Please return only the lines from the one holding "have rep_eq x" through the one holding "apply: leq_trans (pres_leV", exactly as they appear in the records below, both ends included.

========

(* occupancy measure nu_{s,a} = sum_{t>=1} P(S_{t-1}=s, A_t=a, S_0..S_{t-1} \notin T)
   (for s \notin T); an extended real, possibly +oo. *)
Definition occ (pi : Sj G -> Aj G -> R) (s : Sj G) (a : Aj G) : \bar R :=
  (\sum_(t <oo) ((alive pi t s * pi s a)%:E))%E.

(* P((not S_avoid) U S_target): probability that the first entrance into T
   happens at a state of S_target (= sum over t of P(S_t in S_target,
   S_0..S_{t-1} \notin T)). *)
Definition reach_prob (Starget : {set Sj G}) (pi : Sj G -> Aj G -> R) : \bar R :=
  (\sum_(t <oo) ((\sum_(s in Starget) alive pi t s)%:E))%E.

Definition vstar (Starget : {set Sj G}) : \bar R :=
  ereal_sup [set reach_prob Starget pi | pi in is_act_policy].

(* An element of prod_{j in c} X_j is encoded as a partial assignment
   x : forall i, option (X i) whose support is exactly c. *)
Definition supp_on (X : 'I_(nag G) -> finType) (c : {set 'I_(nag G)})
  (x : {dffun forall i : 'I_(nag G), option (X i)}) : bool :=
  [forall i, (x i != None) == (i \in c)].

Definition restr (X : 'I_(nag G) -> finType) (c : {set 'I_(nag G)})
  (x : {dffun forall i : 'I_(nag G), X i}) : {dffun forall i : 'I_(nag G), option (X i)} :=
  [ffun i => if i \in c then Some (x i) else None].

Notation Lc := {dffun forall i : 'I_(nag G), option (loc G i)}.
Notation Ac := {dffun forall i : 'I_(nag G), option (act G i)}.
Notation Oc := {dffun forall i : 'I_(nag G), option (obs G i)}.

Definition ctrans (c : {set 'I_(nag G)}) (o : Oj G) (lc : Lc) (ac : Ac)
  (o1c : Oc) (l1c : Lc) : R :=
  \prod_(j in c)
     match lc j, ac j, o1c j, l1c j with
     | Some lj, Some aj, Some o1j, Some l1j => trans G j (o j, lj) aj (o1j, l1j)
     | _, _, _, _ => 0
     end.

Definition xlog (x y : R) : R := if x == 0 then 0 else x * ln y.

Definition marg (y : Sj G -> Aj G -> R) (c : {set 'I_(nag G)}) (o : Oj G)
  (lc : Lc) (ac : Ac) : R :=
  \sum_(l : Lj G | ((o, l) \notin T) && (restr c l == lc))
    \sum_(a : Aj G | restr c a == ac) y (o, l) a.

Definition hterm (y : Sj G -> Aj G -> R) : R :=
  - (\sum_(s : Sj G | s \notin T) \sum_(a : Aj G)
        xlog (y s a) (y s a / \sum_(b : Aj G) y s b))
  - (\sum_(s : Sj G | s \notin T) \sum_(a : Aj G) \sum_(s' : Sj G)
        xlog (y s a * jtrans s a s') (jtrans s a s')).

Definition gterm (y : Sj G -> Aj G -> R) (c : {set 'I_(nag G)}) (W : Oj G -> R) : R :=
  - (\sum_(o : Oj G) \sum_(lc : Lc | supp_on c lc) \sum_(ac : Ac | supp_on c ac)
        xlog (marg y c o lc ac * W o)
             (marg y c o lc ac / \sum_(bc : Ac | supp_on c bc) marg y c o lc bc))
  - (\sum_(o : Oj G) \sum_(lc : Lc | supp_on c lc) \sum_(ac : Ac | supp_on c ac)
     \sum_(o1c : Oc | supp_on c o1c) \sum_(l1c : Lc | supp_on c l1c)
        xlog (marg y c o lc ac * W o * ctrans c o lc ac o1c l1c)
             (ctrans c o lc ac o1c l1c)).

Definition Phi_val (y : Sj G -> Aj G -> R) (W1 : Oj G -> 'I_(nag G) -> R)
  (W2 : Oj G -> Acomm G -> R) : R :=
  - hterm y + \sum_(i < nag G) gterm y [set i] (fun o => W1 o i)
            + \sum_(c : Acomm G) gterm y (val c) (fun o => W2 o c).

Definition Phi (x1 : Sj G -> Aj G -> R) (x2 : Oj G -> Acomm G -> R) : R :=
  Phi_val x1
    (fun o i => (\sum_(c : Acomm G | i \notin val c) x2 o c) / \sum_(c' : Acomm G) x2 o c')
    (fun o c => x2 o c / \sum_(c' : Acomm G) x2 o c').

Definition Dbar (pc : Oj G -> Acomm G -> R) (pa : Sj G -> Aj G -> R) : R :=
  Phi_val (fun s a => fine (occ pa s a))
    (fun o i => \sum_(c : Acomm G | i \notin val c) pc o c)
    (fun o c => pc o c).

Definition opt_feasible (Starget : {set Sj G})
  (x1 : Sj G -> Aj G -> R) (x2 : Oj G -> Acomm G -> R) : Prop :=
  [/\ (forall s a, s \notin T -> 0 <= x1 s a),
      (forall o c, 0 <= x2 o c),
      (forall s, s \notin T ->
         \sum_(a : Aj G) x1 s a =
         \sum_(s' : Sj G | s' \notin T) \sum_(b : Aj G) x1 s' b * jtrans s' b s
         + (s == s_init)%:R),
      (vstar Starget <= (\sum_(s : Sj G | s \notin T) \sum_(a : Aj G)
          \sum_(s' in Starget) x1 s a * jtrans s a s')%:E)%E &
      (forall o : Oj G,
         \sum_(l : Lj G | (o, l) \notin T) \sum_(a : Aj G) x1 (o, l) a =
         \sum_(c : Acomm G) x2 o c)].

========

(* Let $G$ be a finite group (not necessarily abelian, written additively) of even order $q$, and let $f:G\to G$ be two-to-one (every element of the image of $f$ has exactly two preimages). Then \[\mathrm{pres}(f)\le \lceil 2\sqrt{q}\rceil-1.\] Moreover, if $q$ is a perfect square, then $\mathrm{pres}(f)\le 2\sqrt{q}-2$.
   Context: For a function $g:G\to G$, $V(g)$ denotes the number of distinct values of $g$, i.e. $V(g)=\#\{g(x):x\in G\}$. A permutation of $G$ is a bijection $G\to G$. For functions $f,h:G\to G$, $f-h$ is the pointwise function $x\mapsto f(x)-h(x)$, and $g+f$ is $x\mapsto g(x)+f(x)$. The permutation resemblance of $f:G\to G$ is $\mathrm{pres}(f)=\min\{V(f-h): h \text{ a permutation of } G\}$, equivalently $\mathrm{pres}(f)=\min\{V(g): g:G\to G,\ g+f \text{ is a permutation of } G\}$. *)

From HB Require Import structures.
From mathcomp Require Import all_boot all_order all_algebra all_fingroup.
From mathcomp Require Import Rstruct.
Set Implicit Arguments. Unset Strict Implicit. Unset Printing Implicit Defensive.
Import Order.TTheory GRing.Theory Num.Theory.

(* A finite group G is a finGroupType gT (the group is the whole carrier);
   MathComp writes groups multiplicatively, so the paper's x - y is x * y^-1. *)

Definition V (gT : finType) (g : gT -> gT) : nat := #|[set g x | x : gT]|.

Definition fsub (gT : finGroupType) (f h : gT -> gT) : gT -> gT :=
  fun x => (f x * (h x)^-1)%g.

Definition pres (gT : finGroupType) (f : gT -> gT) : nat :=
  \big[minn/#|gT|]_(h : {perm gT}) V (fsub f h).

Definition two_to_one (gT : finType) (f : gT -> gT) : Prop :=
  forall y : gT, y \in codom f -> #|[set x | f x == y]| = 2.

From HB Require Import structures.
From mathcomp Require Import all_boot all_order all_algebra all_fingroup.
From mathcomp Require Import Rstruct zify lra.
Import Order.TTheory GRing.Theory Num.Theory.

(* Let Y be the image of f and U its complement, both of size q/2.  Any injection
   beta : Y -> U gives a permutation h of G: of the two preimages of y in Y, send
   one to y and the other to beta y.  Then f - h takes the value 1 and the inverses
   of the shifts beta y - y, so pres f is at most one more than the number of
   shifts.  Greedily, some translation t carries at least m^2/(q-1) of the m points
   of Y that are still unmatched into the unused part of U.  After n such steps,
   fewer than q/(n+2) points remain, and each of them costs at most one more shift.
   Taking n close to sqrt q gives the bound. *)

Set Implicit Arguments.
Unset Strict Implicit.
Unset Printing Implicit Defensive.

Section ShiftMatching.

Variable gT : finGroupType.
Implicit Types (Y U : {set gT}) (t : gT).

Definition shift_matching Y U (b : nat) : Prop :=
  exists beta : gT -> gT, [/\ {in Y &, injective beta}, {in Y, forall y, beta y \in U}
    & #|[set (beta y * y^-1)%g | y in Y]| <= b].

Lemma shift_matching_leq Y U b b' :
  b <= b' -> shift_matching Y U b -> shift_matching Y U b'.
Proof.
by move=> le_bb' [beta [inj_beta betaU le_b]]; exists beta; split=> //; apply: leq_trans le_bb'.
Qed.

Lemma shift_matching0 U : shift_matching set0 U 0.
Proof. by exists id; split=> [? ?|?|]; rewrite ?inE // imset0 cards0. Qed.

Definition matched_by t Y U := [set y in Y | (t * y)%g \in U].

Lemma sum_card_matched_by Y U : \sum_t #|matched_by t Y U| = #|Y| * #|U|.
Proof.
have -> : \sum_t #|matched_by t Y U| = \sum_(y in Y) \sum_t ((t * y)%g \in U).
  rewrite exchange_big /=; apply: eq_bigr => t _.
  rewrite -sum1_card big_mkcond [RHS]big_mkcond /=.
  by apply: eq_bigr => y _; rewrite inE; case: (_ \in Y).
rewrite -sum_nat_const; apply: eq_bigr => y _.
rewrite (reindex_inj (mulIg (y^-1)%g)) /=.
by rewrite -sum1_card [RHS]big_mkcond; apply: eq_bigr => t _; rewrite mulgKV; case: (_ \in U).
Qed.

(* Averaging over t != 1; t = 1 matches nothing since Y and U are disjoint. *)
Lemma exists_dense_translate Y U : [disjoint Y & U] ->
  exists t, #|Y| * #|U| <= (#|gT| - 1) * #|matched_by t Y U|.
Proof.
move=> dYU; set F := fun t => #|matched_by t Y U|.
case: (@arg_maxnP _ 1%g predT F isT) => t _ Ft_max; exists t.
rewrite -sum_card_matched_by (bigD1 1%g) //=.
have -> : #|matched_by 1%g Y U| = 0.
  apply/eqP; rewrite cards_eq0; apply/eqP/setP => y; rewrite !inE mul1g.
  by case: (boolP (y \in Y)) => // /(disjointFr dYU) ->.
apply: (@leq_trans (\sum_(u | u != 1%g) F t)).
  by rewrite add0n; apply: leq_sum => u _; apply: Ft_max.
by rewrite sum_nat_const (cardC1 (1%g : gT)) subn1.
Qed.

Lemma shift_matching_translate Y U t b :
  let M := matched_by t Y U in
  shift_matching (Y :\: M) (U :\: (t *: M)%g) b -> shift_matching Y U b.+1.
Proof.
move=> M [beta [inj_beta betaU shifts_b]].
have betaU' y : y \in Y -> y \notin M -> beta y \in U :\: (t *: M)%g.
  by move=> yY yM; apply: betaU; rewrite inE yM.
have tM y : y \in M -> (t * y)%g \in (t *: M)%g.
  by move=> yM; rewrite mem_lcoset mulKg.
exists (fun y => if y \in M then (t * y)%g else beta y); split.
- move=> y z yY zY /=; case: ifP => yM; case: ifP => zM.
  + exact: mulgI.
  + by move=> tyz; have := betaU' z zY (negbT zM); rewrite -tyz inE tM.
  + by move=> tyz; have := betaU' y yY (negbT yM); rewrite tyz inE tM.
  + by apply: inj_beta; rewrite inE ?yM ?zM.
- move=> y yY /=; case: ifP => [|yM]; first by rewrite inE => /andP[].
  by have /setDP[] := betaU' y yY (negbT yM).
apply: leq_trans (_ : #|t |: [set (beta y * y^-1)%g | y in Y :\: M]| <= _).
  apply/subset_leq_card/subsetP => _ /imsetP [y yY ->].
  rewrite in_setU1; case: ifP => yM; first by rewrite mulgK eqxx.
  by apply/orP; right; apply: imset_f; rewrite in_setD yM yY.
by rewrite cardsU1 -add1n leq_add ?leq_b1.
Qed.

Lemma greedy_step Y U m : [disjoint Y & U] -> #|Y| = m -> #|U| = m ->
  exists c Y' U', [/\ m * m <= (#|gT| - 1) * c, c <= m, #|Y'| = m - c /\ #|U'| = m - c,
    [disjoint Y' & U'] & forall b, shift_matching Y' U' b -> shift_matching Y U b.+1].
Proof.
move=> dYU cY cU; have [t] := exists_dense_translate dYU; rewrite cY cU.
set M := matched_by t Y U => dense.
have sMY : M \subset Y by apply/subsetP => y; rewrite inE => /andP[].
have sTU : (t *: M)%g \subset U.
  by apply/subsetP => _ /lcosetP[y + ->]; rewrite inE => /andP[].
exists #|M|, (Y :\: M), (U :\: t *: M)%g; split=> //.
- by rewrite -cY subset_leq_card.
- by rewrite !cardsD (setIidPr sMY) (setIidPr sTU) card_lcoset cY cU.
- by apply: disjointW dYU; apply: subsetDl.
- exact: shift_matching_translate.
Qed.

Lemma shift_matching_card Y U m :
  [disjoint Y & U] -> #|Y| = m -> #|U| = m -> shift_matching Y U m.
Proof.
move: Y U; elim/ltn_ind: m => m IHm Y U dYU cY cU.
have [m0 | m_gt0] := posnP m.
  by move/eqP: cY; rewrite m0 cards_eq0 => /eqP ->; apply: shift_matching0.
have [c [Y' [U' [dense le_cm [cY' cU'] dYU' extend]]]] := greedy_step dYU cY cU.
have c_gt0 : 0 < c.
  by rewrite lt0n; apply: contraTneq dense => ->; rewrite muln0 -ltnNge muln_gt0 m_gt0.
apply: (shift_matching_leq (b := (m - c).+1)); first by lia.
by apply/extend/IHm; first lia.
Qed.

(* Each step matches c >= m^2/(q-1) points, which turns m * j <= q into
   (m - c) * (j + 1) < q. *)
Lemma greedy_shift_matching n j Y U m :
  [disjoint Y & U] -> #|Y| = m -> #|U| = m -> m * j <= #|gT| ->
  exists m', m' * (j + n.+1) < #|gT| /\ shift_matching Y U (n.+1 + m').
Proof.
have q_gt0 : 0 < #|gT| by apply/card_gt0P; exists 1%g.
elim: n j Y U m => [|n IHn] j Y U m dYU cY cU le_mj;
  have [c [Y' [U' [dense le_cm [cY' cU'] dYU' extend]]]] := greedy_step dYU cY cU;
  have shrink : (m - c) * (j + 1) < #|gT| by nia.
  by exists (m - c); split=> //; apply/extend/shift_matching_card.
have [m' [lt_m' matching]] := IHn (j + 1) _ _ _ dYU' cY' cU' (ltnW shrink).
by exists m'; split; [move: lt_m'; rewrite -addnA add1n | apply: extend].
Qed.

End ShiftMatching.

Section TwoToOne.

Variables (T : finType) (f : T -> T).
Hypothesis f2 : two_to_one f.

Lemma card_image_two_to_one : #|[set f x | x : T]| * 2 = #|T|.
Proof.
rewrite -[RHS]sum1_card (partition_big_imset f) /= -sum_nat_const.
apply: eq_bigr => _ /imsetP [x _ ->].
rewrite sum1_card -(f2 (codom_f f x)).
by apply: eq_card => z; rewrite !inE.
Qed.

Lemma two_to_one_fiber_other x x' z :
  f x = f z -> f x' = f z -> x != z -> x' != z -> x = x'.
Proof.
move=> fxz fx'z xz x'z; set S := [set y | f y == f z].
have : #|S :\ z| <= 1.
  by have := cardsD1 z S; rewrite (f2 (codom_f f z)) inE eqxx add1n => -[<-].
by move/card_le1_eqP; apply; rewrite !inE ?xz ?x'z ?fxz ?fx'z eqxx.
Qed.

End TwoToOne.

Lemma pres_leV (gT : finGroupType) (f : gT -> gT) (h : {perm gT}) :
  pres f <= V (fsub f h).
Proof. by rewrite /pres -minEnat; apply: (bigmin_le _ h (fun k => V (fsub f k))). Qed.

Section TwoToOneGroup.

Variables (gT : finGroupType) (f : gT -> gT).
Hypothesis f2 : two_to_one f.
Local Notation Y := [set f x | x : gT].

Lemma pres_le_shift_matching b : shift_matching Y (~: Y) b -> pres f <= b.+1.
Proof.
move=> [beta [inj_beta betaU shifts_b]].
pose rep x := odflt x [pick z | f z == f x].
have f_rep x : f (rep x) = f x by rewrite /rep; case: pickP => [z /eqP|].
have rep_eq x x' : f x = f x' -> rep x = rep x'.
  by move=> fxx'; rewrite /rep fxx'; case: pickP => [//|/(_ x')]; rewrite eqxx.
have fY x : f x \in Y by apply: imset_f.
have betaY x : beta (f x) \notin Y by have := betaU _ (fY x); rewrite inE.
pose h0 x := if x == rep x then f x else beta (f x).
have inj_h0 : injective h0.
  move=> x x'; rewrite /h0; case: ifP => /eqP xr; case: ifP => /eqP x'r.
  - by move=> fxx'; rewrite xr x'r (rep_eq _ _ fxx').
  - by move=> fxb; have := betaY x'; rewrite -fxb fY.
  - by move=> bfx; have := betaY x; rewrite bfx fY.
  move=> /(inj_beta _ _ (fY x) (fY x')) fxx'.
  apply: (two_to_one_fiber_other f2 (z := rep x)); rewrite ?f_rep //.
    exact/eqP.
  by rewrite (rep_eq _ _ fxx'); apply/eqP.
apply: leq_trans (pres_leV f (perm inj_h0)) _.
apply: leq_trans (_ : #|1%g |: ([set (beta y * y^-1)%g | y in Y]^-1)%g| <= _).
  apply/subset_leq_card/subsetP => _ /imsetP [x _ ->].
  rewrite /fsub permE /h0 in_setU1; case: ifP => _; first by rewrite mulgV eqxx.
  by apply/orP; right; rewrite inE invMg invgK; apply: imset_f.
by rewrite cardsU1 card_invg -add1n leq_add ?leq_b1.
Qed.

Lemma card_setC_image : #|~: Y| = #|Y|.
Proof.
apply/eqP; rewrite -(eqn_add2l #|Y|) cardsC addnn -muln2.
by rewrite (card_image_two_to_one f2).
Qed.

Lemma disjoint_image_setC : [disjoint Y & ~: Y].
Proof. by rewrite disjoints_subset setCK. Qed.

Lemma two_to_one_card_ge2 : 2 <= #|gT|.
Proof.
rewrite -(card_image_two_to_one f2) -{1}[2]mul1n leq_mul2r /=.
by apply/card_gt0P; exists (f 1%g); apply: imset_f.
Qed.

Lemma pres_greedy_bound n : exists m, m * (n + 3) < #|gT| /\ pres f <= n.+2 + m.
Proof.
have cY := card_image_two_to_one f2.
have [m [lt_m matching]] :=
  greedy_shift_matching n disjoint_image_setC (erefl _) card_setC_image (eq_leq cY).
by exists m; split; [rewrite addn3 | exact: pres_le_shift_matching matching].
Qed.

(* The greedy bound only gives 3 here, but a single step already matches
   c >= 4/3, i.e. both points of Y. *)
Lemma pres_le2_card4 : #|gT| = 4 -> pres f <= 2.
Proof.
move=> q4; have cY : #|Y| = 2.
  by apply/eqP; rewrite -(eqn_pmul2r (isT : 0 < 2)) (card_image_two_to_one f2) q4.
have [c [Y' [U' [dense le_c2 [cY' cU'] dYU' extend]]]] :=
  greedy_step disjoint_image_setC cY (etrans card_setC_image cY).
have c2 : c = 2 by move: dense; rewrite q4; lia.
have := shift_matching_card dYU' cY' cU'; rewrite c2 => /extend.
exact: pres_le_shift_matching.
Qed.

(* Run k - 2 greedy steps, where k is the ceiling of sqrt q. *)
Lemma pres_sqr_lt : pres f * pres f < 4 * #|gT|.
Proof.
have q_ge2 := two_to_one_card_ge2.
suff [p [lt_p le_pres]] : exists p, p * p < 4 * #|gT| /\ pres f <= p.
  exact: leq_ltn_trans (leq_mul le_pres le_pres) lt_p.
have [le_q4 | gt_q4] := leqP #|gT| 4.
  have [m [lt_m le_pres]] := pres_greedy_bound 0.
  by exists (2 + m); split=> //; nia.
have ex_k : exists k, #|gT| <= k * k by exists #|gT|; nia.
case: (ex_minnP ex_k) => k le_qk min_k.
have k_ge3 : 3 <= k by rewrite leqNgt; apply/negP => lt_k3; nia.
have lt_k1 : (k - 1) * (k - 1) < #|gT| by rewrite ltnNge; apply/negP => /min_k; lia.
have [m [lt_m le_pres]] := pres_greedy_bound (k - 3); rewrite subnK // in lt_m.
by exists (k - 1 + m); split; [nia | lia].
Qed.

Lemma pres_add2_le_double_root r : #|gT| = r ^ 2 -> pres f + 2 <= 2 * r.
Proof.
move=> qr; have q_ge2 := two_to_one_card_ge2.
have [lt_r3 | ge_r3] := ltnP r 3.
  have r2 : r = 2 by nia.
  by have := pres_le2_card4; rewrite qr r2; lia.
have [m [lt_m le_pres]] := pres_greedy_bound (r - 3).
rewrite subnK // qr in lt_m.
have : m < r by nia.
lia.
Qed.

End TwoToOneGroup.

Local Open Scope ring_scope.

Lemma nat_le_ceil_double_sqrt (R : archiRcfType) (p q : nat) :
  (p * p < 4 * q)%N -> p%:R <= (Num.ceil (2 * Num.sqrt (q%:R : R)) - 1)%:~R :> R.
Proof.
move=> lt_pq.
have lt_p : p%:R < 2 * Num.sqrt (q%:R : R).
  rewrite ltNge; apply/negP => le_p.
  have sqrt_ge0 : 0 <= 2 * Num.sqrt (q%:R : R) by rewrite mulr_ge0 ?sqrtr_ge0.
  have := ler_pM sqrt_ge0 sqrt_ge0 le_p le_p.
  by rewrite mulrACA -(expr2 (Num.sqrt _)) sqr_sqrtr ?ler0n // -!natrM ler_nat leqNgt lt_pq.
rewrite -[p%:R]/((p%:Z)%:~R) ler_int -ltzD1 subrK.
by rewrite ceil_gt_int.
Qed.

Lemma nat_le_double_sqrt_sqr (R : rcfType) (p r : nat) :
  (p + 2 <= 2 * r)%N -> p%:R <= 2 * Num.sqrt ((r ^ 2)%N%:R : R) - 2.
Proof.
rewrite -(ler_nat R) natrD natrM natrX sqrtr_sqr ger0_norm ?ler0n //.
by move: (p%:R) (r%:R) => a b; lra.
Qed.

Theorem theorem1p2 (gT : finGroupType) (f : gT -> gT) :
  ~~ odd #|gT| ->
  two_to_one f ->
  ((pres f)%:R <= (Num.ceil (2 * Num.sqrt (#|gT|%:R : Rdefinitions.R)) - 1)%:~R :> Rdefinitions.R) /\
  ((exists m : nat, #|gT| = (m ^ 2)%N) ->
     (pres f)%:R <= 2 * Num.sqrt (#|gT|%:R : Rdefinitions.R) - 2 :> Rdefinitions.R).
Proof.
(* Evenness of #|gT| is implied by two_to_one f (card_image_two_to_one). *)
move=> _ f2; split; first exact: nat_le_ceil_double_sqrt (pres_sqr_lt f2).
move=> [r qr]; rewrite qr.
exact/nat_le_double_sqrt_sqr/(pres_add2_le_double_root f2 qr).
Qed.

========

## [Output of the exercise]
have rep_eq x x' : f x = f x' -> rep x = rep x'.
  by move=> fxx'; rewrite /rep fxx'; case: pickP => [//|/(_ x')]; rewrite eqxx.
have fY x : f x \in Y by apply: imset_f.
have betaY x : beta (f x) \notin Y by have := betaU _ (fY x); rewrite inE.
pose h0 x := if x == rep x then f x else beta (f x).
have inj_h0 : injective h0.
  move=> x x'; rewrite /h0; case: ifP => /eqP xr; case: ifP => /eqP x'r.
  - by move=> fxx'; rewrite xr x'r (rep_eq _ _ fxx').
  - by move=> fxb; have := betaY x'; rewrite -fxb fY.
  - by move=> bfx; have := betaY x; rewrite bfx fY.
  move=> /(inj_beta _ _ (fY x) (fY x')) fxx'.
  apply: (two_to_one_fiber_other f2 (z := rep x)); rewrite ?f_rep //.
    exact/eqP.
  by rewrite (rep_eq _ _ fxx'); apply/eqP.
apply: leq_trans (pres_leV f (perm inj_h0)) _.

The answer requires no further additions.